Algunos críticos rechazan de manera automática las películas de Michael Haneke como el paradigma de un cine moralizador que coloca al espectador entre el malestar y la culpa. Los argumentos son claros y pueden aplicarse a algunos fragmentos de sus películas (el club anti Haneke encontrará en Amour la escena de la almohada para reforzar sus diatribas), pero la simplificación revela también cierta pereza para reducir muchos temas en una misma bolsa. El carácter destructor del cine de Haneke sacude en esta película una nueva frontera; el intelectual sarcástico acostumbrado a ofrecer un espejo cruel sobre el mundo contemporáneo nos concede un espacio diferente para que respiremos una emoción inédita en su obra.
Con los antecedentes del director, el título de su nueva película podría parecer una ironía. Pero no se trata de humor austríaco, sino de un amor verdadero entre Anne y Georges, una pareja de ancianos que están juntos desde siempre. Un amor que avanza de la mano con la dignidad, la fidelidad y la integridad, resistiendo el paso del tiempo. La habilidad de Haneke consiste en colocar esta necesidad vital más allá de la problemática ética o ideológica vinculada a la muerte. Con su mujer postrada en la cama, Georges le responde tranquila y firmemente a su hija: “No hay nada que hacer, esto va a ir de mal en peor y luego se detendrá”. No hay consuelo ni falsas esperanzas. La muerte vista por Haneke es concreta, material, laica.
La película ofrece una mirada documental capaz de capturar la emoción que se desprende de manera natural de las extraordinarias actuaciones de Emmanuelle Riva y Jean-Louis Trintignant. El director elige los ángulos, los encuadres, las distancias y los tiempos en función de los cuerpos y de las palabras. La dicción de los actores es un deleite, incluso cuando la enfermedad termina por alterar la de Anne. El ocaso de los personajes es también el de los actores filmados en la fragilidad de sus años. La ambigüedad encuentra su punto culminante cuando Georges, arrodillado, debe realizar un inmenso esfuerzo para levantarse. La actuación se funde con el registro evidente de la vejez del protagonista.

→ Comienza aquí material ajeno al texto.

Definition leg_in i k : 'M[C]_(k.+1) :=
  \sum_(m : 'I_((d i).-1) | m.+1 == k) conform_mx 0 (leg m *m adjmx (leg m)).
Definition leg_out i k : 'M[C]_(k.+1) :=
  \sum_(m : 'I_((d i).-1) | m == k :> nat) conform_mx 0 (adjmx (leg m) *m leg m).
Definition arrow_in i k : 'M[C]_(k.+1) :=
  \sum_(a : {a : A | (0 < d (s a))%N && (0 < d (t a))%N} |
        (t (val a) == i) && ((d (t (val a))).-1 == k))
     conform_mx 0 (g (inl a) *m adjmx (g (inl a))).
Definition arrow_out i k : 'M[C]_(k.+1) :=
  \sum_(a : {a : A | (0 < d (s a))%N && (0 < d (t a))%N} |
        (s (val a) == i) && ((d (s (val a))).-1 == k))
     conform_mx 0 (adjmx (g (inl a)) *m g (inl a)).

Lemma mu_leg_quiver i (k : 'I_(d i)) :
  mu g (existT _ i k) = (leg_in i k + arrow_in i k) - (leg_out i k + arrow_out i k).
Proof.
rewrite /mu !big_sumType [leg_in _ _ + _]addrC [leg_out _ _ + _]addrC.
congr (_ + _ - (_ + _)).
- by apply: eq_bigl => a /=; rewrite QdV_eqE.
- rewrite (eq_big (fun b : {j : V & 'I_((d j).-1)} =>
      (tag b == i) && ((tagged b).+1 == k))
      (fun b => conform_mx (0 : 'M_(k.+1)) (leg (tagged b) *m adjmx (leg (tagged b)))));
    [|by case=> j m /=; rewrite QdV_eqE|by case].
  rewrite -(sig_big_dep (fun j => j == i) (fun j (m : 'I_((d j).-1)) => m.+1 == k)
     (fun j (m : 'I_((d j).-1)) => conform_mx (0 : 'M_(k.+1)) (leg m *m adjmx (leg m)))).
  by rewrite big_pred1_eq.
- by apply: eq_bigl => a /=; rewrite QdV_eqE.
rewrite (eq_big (fun b : {j : V & 'I_((d j).-1)} =>
    (tag b == i) && (tagged b == k :> nat))
    (fun b => conform_mx (0 : 'M_(k.+1)) (adjmx (leg (tagged b)) *m leg (tagged b))));
  [|by case=> j m /=; rewrite QdV_eqE|by case].
rewrite -(sig_big_dep (fun j => j == i) (fun j (m : 'I_((d j).-1)) => m == k :> nat)
   (fun j (m : 'I_((d j).-1)) => conform_mx (0 : 'M_(k.+1)) (adjmx (leg m) *m leg m))).
by rewrite big_pred1_eq.
Qed.

Lemma leg_in0 i : leg_in i 0 = 0.
Proof. by rewrite /leg_in big_pred0. Qed.

Lemma leg_inS i k (lt_k : (k < (d i).-1)%N) :
  leg_in i k.+1 = leg (Ordinal lt_k) *m adjmx (leg (Ordinal lt_k)).
Proof. by rewrite /leg_in (big_pred1 (Ordinal lt_k)) ?conform_mx_id. Qed.

Lemma leg_outE i k (lt_k : (k < (d i).-1)%N) :
  leg_out i k = adjmx (leg (Ordinal lt_k)) *m leg (Ordinal lt_k).
Proof. by rewrite /leg_out (big_pred1 (Ordinal lt_k)) ?conform_mx_id. Qed.

Lemma leg_out_top i k : ~~ (k < (d i).-1)%N -> leg_out i k = 0.
Proof.
move=> ge_k; rewrite /leg_out big_pred0 // => m; apply/negP => /eqP eq_mk.
by move: (ltn_ord m); rewrite eq_mk (negbTE ge_k).
Qed.

Lemma arrow_in_lt i k : (k.+1 < d i)%N -> arrow_in i k = 0.
Proof.
move=> lt_k; rewrite /arrow_in big_pred0 // => a; apply/negP => /andP[/eqP ta /eqP eq_k].
by move: lt_k; rewrite -eq_k ta; case: (d i) => [|n] //=; rewrite ltnn.
Qed.

Lemma arrow_out_lt i k : (k.+1 < d i)%N -> arrow_out i k = 0.
Proof.
move=> lt_k; rewrite /arrow_out big_pred0 // => a; apply/negP => /andP[/eqP sa /eqP eq_k].
by move: lt_k; rewrite -eq_k sa; case: (d i) => [|n] //=; rewrite ltnn.
Qed.

(* Arrows of [Q] with an endpoint of dimension [0] are absent from [Q_d], but they
   only carry empty matrices. *)
Lemma arrow_in_out_top (f : forall a : A, 'M[C]_(d (t a), d (s a))) :
  (forall a' : {a : A | (0 < d (s a))%N && (0 < d (t a))%N},
     f (val a') = conform_mx 0 (g (inl a'))) ->
  forall i k, k.+1 = d i ->
  arrow_in i k - arrow_out i k = conform_mx (0 : 'M_(k.+1)) (mu f i).
Proof.
move=> fE i k eq_k; rewrite /mu conform_mxB ?conform_mx_sum //; congr (_ - _).
  rewrite (bigID (fun a => (0 < d (s a))%N && (0 < d (t a))%N)) /=.
  rewrite [X in _ + X]big1 ?addr0; last first.
    by move=> a /andP[_ Na]; rewrite (empty_mx0 (f a)) ?mul0mx ?conform_mx0.
  rewrite big_sig_cond /arrow_in; apply: eq_big => a'.
    by have [->|] //= := eqVneq (t (val a')) i; rewrite -eq_k /= eqxx.
  move=> /andP[/eqP ta _]; rewrite conform_mx_conform ?ta // fE.
  by case/andP: (valP a') => /prednK ? /prednK ?; rewrite conform_mx_mul_adj.
rewrite (bigID (fun a => (0 < d (s a))%N && (0 < d (t a))%N)) /=.
rewrite [X in _ + X]big1 ?addr0; last first.
  by move=> a /andP[_ Na]; rewrite (empty_mx0 (f a)) ?mulmx0 ?conform_mx0.
rewrite big_sig_cond /arrow_out; apply: eq_big => a'.
  by have [->|] //= := eqVneq (s (val a')) i; rewrite -eq_k /= eqxx.
move=> /andP[/eqP sa _]; rewrite conform_mx_conform ?sa // fE.
by case/andP: (valP a') => /prednK ? /prednK ?; rewrite conform_mx_adj_mul.
Qed.

End LegDecomposition.

Section DiagonalMatrices.
Variable C : numClosedFieldType.

Definition stair_mx m (v : nat -> C) : 'M[C]_(m.+2, m.+1) :=
  \matrix_(r, c) (if r == c :> nat then v c else 0).

Lemma stair_mx_adj_mul m v :
  adjmx (stair_mx m v) *m stair_mx m v = diag_mx (\row_(c < m.+1) ((v c)^* * v c)).
Proof.
apply/matrixP => c c'; rewrite !mxE (bigD1 (widen_ord (ltnW (ltnSn _)) c)) //=.
rewrite big1 ?addr0 => [|r /negbTE neq_rc]; last first.
  rewrite !mxE; case: eqP => [eq_rc|]; last by rewrite conjC0 mul0r.
  by move: neq_rc; rewrite -val_eqE /= eq_rc eqxx.
rewrite !mxE /= eqxx; have [<-|neq_cc'] := eqVneq c c'; first by rewrite eqxx mulr1n.
rewrite mulr0n; case: eqP => [/val_inj eq_cc'|]; last by rewrite mulr0.
by rewrite eq_cc' eqxx in neq_cc'.
Qed.

Lemma stair_mx_mul_adj m v :
  stair_mx m v *m adjmx (stair_mx m v) =
  diag_mx (\row_(r < m.+2) (if (r < m.+1)%N then v r * (v r)^* else 0)).
Proof.
apply/matrixP => r r'; rewrite !mxE.
have [lt_r|ge_r] := ltnP r m.+1.
  rewrite (bigD1 (Ordinal lt_r)) //= big1 ?addr0 => [|c /negbTE neq_rc]; last first.
    rewrite !mxE; case: eqP => [eq_rc|]; last by rewrite mul0r.
    by move: neq_rc; rewrite -val_eqE /= -eq_rc eqxx.
  rewrite !mxE /= eqxx; have [<-|neq_rr'] := eqVneq r r'; first by rewrite eqxx mulr1n.
  rewrite mulr0n; case: eqP => [eq_rr'|]; last by rewrite conjC0 mulr0.
  by move: neq_rr'; rewrite -val_eqE /= eq_rr' eqxx.
rewrite big1; first by case: (r == r').
move=> c _; rewrite !mxE; case: eqP => [eq_rc|]; last by rewrite mul0r.
by move: (ltn_ord c); rewrite -eq_rc ltnNge ge_r.
Qed.

Lemma sqrtC_conj_mul (x : C) : 0 <= x -> (sqrtC x)^* * sqrtC x = x.
Proof. by move=> x_ge0; rewrite geC0_conj ?sqrtC_ge0 // -expr2 sqrtCK. Qed.

Lemma diag_mx_sub_shift n (x y : C) (b : nat -> C) :
  diag_mx (\row_(r < n) (x - b r)) - diag_mx (\row_(r < n) (y - b r)) = (x - y)%:M.
Proof.
apply/matrixP => r c; rewrite !mxE; case: (r == c); rewrite ?mulr1n ?mulr0n ?subrr //.
by ring.
Qed.

End DiagonalMatrices.

Section ThetaLevels.
Variables (C : numClosedFieldType) (V : finType) (d : V -> nat).
Variable a : forall i : V, 'I_(d i) -> C.
Arguments a : clear implicits.

Lemma anatE i (j : 'I_(d i)) : anat a i j = a i j.
Proof. by rewrite /anat valK. Qed.

Lemma prod_XsubC_anat i n : n = d i ->
  \prod_(j < d i) ('X - (a i j)%:P) = \prod_(j < n) ('X - (anat a i j)%:P).
Proof. by move=> ->; apply: eq_bigr => j _; rewrite anatE. Qed.

Lemma Theta_lt i (k : 'I_(d i)) : (k.+1 < d i)%N ->
  Theta a (existT _ i k) = anat a i k - anat a i k.+1.
Proof. by rewrite /Theta /= => ->. Qed.

Lemma Theta_top i (k : 'I_(d i)) : k.+1 = d i -> Theta a (existT _ i k) = anat a i k.
Proof. by rewrite /Theta /= => ->; rewrite ltnn. Qed.

End ThetaLevels.

Section FromLegQuiver.
Variables (C : numClosedFieldType) (V A : finType) (s t : A -> V) (d : V -> nat).
Variable a : forall i : V, 'I_(d i) -> C.
Arguments a : clear implicits.
Variable g : forall e : QdA s t d, 'M[C]_(hatd (Qdtgt e), hatd (Qdsrc e)).
Hypothesis mu_g : forall x, mu g x = (Theta a x)%:M.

Sin rechazar sus marcas autorales, Haneke demuestra que no es el cineasta dogmático que a algunos les gusta caricaturizar. El director incorpora elementos desconcertantes que colocan a Amour entre lo más singular de su filmografía: los notables deslizamientos oníricos en la pesadilla de Georges o las dos apariciones de una paloma como una suerte de emanación profana del Espíritu Santo. El estilo seco y frio de Haneke encuentra su complemento ideal en los detalles, a veces insignificantes, que alimentan la relación de sus dos personajes. Pequeños gestos cotidianos, como la dulzura de un reproche o el placer compartido de una conversación, filmados en planos-secuencia fijos con la cámara instalada en un rincón del departamento. El amor revela su esencia, invisible, en el reverso mudo de las miradas.